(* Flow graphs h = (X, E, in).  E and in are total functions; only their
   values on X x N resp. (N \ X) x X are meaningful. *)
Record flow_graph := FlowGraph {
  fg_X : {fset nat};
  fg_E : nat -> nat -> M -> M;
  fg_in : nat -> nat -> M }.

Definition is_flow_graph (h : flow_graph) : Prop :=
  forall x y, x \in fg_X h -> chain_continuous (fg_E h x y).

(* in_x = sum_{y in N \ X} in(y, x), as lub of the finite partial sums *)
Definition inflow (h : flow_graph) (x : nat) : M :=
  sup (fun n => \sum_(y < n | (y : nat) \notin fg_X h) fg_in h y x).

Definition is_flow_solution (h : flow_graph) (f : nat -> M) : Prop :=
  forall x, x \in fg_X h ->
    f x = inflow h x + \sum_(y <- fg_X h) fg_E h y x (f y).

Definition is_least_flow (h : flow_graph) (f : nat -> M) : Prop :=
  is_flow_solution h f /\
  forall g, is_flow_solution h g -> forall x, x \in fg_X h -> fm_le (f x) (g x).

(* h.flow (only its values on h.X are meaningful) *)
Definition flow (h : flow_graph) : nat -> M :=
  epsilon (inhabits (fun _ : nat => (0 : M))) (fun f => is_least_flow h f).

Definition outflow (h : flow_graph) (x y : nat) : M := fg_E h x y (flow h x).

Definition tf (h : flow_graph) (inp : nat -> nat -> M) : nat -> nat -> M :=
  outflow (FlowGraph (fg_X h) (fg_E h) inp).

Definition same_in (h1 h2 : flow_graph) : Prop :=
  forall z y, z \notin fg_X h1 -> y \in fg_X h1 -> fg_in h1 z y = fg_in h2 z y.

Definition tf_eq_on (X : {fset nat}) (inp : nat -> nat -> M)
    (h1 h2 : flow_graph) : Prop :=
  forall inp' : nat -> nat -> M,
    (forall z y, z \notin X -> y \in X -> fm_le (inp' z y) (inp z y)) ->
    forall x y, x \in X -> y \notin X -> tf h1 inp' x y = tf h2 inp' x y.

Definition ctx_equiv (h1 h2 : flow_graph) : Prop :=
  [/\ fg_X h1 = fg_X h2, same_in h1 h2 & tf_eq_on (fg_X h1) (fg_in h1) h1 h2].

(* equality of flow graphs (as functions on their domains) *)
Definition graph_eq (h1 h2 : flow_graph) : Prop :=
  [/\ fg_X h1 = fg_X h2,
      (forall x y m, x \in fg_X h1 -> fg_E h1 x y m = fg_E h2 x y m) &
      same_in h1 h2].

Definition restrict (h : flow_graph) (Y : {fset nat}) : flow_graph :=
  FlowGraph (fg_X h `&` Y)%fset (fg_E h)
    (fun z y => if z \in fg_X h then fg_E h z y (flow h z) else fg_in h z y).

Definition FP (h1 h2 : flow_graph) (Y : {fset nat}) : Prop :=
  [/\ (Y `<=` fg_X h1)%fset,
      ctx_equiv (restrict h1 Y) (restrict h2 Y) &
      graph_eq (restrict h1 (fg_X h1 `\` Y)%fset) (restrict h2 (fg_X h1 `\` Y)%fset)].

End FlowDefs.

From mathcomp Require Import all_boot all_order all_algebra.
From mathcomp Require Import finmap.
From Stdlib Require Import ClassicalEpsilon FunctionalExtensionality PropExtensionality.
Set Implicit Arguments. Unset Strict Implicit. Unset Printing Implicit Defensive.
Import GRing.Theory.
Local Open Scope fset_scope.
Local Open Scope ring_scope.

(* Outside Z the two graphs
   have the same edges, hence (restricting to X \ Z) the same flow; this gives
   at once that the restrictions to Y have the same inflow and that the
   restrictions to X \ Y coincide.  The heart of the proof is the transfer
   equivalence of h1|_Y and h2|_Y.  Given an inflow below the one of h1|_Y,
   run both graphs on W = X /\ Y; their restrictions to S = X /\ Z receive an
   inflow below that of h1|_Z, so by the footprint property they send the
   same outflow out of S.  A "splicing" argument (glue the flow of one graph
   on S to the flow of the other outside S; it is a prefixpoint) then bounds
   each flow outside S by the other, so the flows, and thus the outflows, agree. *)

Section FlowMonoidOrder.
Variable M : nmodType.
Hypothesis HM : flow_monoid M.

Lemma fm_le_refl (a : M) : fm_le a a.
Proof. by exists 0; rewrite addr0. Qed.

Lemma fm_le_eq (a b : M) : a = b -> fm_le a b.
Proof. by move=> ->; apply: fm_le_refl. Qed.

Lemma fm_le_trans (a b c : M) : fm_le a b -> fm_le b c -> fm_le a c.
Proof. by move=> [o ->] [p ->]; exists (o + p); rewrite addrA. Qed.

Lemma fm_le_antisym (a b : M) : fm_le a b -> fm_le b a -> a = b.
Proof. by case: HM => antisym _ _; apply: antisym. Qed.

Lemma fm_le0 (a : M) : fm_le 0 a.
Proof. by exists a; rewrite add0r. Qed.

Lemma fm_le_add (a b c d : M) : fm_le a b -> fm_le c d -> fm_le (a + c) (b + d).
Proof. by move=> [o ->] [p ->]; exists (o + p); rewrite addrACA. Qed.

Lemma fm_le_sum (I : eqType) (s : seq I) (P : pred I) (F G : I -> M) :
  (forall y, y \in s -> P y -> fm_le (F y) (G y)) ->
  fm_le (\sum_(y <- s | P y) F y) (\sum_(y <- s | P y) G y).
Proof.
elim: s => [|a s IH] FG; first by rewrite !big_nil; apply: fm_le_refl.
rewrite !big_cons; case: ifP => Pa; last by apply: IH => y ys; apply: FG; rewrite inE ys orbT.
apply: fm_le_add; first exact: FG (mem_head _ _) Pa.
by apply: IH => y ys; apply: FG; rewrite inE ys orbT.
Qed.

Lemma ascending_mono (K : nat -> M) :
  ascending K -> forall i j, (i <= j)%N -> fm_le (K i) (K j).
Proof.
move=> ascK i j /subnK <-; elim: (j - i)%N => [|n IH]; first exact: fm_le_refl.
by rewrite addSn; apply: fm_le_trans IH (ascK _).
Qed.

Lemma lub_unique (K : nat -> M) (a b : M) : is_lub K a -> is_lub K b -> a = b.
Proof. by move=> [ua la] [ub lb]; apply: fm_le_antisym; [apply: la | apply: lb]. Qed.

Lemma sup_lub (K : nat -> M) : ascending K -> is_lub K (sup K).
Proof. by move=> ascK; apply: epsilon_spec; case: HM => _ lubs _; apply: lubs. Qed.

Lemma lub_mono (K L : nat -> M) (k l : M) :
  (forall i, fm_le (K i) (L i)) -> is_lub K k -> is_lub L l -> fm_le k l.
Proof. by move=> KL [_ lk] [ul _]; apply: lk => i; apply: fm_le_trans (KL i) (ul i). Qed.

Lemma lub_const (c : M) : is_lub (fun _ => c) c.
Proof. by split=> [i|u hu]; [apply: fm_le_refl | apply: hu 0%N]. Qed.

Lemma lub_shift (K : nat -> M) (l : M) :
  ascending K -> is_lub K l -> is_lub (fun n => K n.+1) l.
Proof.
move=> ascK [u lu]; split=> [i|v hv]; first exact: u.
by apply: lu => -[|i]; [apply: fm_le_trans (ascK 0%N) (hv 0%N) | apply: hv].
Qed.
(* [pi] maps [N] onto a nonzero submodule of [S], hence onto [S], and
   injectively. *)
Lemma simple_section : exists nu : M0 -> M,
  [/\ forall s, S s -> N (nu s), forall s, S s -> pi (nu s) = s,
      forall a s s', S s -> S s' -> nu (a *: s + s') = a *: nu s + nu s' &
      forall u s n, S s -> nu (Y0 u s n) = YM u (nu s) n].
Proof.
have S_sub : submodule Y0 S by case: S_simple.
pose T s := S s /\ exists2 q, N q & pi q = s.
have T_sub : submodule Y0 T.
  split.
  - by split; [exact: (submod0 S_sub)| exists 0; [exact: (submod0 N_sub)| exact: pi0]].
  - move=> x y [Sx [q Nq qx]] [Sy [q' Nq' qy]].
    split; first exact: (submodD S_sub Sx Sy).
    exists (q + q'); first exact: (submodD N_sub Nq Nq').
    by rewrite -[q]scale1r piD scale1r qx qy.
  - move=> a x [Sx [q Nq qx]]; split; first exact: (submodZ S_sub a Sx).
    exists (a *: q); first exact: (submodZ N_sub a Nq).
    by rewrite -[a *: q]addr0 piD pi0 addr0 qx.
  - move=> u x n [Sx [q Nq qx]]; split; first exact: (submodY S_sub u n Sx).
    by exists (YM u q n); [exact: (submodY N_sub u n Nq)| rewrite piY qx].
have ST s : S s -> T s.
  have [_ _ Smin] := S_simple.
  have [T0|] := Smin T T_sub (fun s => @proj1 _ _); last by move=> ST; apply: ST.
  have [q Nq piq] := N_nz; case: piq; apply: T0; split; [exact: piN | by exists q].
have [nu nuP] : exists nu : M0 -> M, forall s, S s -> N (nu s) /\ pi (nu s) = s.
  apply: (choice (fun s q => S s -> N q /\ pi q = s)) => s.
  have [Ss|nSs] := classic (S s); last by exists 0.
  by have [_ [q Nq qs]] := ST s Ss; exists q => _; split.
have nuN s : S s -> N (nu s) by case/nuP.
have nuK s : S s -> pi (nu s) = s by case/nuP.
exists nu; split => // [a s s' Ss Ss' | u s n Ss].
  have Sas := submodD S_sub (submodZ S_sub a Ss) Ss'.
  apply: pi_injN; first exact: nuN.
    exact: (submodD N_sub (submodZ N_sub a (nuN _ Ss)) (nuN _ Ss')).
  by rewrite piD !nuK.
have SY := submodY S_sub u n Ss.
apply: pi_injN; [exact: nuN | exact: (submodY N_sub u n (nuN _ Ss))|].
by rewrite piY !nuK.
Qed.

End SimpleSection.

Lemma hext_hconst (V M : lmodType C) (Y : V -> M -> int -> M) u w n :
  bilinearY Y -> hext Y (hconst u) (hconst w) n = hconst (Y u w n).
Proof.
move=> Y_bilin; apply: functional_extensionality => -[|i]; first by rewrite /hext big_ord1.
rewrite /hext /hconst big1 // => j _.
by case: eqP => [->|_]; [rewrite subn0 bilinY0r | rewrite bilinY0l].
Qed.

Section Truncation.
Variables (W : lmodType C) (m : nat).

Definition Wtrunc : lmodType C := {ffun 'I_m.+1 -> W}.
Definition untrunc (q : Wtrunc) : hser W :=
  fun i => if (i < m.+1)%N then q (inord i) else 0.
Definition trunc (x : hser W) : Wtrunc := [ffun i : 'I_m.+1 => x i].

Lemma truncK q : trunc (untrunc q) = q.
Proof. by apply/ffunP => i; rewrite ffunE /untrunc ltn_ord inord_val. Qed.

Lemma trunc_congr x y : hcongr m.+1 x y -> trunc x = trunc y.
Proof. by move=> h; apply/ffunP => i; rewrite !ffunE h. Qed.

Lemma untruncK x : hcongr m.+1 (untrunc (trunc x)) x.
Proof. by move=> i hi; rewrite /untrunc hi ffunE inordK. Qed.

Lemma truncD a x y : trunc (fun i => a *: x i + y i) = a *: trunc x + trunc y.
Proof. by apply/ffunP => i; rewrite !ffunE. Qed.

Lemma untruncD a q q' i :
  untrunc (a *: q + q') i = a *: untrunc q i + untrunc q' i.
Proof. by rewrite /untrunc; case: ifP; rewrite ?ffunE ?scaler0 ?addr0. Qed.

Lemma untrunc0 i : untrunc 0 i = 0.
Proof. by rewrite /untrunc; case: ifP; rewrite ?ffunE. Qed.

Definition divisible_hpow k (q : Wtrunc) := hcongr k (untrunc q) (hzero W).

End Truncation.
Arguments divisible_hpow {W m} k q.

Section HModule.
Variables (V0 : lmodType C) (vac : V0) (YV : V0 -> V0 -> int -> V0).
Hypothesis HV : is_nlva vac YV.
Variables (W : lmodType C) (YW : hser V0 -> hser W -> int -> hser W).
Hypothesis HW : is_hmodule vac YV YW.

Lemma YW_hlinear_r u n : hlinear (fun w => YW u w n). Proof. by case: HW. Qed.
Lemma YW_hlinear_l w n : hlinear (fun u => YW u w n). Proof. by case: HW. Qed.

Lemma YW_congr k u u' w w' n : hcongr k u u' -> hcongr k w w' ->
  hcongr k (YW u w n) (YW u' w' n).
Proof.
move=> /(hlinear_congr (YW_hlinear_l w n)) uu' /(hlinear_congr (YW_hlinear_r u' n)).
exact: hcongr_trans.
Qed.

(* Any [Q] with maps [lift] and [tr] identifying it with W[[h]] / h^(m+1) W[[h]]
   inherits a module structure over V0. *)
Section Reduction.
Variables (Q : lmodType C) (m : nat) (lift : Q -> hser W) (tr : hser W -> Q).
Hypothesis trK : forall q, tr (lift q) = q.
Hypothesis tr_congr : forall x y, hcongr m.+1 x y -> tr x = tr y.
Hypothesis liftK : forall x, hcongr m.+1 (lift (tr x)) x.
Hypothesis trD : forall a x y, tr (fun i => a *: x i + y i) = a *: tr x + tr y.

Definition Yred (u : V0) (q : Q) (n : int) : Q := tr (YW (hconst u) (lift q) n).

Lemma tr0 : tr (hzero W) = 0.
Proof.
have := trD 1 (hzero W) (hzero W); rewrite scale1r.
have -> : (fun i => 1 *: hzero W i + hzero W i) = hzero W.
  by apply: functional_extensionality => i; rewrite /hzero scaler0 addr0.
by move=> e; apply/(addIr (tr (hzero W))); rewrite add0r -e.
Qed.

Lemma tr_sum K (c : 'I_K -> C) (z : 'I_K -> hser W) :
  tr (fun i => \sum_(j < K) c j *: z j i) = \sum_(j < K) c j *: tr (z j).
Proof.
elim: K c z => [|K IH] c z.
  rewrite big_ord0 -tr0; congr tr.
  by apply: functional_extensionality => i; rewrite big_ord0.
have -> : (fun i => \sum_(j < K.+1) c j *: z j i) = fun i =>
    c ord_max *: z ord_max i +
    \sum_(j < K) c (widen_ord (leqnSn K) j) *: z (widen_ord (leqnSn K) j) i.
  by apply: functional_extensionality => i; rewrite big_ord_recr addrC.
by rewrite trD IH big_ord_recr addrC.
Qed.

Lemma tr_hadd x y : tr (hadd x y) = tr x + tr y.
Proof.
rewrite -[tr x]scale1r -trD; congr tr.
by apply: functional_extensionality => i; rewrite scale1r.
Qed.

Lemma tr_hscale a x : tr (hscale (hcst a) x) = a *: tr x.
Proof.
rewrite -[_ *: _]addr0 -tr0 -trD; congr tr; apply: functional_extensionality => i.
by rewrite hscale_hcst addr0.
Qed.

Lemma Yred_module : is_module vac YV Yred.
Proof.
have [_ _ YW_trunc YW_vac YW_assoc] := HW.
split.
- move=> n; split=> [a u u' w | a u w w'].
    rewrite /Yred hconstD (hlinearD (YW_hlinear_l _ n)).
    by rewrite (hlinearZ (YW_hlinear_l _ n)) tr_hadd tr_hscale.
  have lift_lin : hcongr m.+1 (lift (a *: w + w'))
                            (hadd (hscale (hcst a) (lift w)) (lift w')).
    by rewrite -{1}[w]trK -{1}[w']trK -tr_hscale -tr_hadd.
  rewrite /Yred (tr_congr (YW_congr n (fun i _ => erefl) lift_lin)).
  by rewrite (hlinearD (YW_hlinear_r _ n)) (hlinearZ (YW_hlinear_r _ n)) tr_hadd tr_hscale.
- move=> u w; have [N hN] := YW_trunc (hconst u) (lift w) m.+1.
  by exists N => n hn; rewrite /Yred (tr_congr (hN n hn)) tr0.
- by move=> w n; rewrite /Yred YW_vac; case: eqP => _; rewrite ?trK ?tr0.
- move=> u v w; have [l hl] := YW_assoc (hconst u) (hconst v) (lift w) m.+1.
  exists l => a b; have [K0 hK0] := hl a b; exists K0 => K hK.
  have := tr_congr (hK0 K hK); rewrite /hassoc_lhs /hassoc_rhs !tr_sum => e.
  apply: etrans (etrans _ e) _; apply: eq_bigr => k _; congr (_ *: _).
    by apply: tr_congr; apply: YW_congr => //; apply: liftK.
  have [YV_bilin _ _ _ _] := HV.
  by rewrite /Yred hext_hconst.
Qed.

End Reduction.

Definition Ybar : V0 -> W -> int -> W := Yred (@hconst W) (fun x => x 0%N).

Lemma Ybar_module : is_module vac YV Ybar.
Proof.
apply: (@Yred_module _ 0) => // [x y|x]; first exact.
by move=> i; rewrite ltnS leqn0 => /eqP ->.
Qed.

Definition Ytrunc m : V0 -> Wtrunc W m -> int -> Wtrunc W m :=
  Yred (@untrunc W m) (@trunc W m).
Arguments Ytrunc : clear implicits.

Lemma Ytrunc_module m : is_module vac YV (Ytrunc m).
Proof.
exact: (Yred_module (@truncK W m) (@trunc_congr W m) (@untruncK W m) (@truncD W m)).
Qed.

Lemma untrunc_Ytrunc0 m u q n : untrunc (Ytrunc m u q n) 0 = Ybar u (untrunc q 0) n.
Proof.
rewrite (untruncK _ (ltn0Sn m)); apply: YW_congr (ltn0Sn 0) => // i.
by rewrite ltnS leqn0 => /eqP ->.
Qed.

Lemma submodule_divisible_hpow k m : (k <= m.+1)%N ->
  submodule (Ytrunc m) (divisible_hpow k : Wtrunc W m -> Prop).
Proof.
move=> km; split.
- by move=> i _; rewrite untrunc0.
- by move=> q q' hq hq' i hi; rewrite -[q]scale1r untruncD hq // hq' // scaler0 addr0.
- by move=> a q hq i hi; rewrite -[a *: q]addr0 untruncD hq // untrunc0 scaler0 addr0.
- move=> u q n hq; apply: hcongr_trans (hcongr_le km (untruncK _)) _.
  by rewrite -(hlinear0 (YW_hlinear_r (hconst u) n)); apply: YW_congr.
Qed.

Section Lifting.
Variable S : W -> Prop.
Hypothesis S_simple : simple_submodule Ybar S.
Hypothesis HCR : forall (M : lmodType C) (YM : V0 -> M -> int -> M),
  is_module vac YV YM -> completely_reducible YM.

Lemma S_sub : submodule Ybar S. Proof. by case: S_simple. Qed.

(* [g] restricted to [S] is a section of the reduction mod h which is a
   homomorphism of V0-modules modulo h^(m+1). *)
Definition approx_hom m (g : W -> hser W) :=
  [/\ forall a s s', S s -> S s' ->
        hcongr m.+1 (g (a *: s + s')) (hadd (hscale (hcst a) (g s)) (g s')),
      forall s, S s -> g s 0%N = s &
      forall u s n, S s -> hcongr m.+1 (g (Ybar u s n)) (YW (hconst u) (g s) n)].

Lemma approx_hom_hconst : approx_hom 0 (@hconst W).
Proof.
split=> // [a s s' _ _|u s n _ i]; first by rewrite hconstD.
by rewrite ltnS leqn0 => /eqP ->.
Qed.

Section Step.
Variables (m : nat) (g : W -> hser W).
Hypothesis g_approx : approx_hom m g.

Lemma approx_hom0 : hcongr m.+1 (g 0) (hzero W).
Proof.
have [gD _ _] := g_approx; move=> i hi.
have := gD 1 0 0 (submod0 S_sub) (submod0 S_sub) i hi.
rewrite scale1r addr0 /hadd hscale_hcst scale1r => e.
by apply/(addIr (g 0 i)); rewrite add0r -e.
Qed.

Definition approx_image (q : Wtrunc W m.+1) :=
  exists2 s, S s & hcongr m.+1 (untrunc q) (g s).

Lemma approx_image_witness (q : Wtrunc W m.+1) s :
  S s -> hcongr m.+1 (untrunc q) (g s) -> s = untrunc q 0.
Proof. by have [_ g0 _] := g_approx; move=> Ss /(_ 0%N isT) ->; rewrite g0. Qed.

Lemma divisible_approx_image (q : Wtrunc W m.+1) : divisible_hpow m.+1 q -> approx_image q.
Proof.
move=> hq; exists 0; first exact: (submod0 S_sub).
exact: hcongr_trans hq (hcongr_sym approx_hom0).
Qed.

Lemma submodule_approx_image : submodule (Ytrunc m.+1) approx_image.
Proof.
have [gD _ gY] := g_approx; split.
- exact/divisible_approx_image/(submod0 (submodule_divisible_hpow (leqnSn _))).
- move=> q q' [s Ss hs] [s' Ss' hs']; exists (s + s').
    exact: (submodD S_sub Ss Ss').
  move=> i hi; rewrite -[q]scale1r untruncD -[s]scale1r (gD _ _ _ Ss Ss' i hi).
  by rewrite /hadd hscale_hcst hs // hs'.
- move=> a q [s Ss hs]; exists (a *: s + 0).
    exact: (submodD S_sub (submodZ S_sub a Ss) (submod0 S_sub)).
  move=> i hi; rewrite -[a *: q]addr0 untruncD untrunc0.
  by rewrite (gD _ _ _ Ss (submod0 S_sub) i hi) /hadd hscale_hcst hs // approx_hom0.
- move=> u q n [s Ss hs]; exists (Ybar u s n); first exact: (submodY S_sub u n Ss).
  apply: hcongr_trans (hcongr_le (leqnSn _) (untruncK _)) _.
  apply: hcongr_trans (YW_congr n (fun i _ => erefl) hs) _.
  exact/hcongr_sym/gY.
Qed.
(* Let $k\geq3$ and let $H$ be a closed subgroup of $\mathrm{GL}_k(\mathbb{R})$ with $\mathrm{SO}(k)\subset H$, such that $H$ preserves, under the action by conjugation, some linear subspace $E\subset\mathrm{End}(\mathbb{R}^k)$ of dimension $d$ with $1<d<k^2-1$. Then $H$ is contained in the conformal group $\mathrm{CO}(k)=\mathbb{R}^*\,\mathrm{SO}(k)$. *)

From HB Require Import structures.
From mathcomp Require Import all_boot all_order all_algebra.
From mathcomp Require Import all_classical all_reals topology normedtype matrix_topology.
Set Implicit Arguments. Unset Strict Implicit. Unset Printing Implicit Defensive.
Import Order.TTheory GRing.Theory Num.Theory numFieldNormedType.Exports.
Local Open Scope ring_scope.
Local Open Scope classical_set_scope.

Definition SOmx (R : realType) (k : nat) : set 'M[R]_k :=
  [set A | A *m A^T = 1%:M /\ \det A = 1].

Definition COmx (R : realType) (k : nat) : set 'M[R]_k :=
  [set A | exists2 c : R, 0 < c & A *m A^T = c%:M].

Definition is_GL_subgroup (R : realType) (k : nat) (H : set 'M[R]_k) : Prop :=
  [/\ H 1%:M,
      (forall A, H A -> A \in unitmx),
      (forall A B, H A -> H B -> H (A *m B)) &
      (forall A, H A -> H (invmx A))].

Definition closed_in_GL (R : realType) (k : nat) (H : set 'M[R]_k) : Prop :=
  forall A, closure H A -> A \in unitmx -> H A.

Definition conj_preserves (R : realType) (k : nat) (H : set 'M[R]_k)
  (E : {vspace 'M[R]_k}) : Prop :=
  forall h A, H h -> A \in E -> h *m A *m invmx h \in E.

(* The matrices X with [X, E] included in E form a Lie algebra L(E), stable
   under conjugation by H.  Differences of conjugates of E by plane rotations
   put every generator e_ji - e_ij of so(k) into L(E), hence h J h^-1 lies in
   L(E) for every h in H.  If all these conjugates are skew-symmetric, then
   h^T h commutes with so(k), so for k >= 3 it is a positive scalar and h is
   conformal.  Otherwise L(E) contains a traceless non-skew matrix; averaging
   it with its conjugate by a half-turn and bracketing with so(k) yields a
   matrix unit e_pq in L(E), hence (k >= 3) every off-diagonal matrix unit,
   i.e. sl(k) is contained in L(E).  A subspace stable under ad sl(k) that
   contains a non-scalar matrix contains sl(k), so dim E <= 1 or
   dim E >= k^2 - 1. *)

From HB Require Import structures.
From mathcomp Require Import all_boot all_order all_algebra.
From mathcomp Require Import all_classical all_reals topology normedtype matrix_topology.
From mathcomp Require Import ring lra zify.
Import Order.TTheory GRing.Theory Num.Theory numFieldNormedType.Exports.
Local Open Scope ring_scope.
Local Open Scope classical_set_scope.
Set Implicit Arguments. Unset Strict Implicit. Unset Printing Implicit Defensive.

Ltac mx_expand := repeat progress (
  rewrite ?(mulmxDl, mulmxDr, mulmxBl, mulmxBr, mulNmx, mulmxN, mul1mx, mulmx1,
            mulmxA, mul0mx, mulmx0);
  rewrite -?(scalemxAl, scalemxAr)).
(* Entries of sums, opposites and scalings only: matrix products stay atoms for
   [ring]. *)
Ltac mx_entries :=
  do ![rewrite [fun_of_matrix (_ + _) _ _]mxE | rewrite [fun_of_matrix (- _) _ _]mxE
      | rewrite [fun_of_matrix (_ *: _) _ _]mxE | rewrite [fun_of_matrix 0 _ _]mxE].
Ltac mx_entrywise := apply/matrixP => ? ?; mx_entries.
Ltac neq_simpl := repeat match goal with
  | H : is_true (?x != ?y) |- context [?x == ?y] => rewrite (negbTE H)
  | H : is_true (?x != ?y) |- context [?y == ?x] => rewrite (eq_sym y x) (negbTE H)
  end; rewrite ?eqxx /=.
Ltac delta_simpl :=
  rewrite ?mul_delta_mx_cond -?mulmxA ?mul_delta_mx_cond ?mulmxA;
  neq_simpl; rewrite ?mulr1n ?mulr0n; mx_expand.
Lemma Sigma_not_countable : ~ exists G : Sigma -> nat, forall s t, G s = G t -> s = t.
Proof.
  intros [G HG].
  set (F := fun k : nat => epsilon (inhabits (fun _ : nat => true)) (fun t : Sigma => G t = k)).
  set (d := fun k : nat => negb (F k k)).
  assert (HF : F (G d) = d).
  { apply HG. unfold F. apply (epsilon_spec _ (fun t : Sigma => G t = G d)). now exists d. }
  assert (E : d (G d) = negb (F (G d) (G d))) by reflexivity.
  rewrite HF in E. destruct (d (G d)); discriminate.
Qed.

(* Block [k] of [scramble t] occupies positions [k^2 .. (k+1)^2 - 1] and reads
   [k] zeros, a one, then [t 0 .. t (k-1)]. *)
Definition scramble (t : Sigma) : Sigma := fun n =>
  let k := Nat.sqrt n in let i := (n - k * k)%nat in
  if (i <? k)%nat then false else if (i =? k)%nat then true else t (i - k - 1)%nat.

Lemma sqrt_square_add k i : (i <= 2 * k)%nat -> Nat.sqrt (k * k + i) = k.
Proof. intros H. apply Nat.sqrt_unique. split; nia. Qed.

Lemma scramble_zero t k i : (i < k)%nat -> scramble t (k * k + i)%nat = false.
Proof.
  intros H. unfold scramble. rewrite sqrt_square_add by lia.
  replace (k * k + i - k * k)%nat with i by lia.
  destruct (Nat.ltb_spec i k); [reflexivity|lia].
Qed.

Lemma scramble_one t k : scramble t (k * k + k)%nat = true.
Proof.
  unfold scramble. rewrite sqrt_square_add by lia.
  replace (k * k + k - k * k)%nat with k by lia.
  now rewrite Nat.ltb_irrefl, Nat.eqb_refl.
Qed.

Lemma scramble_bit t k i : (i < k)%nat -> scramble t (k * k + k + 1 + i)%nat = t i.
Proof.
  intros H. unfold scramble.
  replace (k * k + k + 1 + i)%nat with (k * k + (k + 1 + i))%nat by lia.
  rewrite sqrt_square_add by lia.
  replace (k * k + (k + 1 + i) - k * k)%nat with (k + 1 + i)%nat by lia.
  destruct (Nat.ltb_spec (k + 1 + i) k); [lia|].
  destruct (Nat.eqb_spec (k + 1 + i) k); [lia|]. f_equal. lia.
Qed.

======

» Exercise objective
Scan the listing above for the line that has "by apply: functional_extensionality => i; rewrite scale1r.", then copy exactly from that line through the line that has "by apply: tr_congr;".

» Result of this exercise
by apply: functional_extensionality => i; rewrite scale1r.
Qed.

Lemma tr_hscale a x : tr (hscale (hcst a) x) = a *: tr x.
Proof.
rewrite -[_ *: _]addr0 -tr0 -trD; congr tr; apply: functional_extensionality => i.
by rewrite hscale_hcst addr0.
Qed.

Lemma Yred_module : is_module vac YV Yred.
Proof.
have [_ _ YW_trunc YW_vac YW_assoc] := HW.
split.
- move=> n; split=> [a u u' w | a u w w'].
    rewrite /Yred hconstD (hlinearD (YW_hlinear_l _ n)).
    by rewrite (hlinearZ (YW_hlinear_l _ n)) tr_hadd tr_hscale.
  have lift_lin : hcongr m.+1 (lift (a *: w + w'))
                            (hadd (hscale (hcst a) (lift w)) (lift w')).
    by rewrite -{1}[w]trK -{1}[w']trK -tr_hscale -tr_hadd.
  rewrite /Yred (tr_congr (YW_congr n (fun i _ => erefl) lift_lin)).
  by rewrite (hlinearD (YW_hlinear_r _ n)) (hlinearZ (YW_hlinear_r _ n)) tr_hadd tr_hscale.
- move=> u w; have [N hN] := YW_trunc (hconst u) (lift w) m.+1.
  by exists N => n hn; rewrite /Yred (tr_congr (hN n hn)) tr0.
- by move=> w n; rewrite /Yred YW_vac; case: eqP => _; rewrite ?trK ?tr0.
- move=> u v w; have [l hl] := YW_assoc (hconst u) (hconst v) (lift w) m.+1.
  exists l => a b; have [K0 hK0] := hl a b; exists K0 => K hK.
  have := tr_congr (hK0 K hK); rewrite /hassoc_lhs /hassoc_rhs !tr_sum => e.
  apply: etrans (etrans _ e) _; apply: eq_bigr => k _; congr (_ *: _).
    by apply: tr_congr; apply: YW_congr => //; apply: liftK.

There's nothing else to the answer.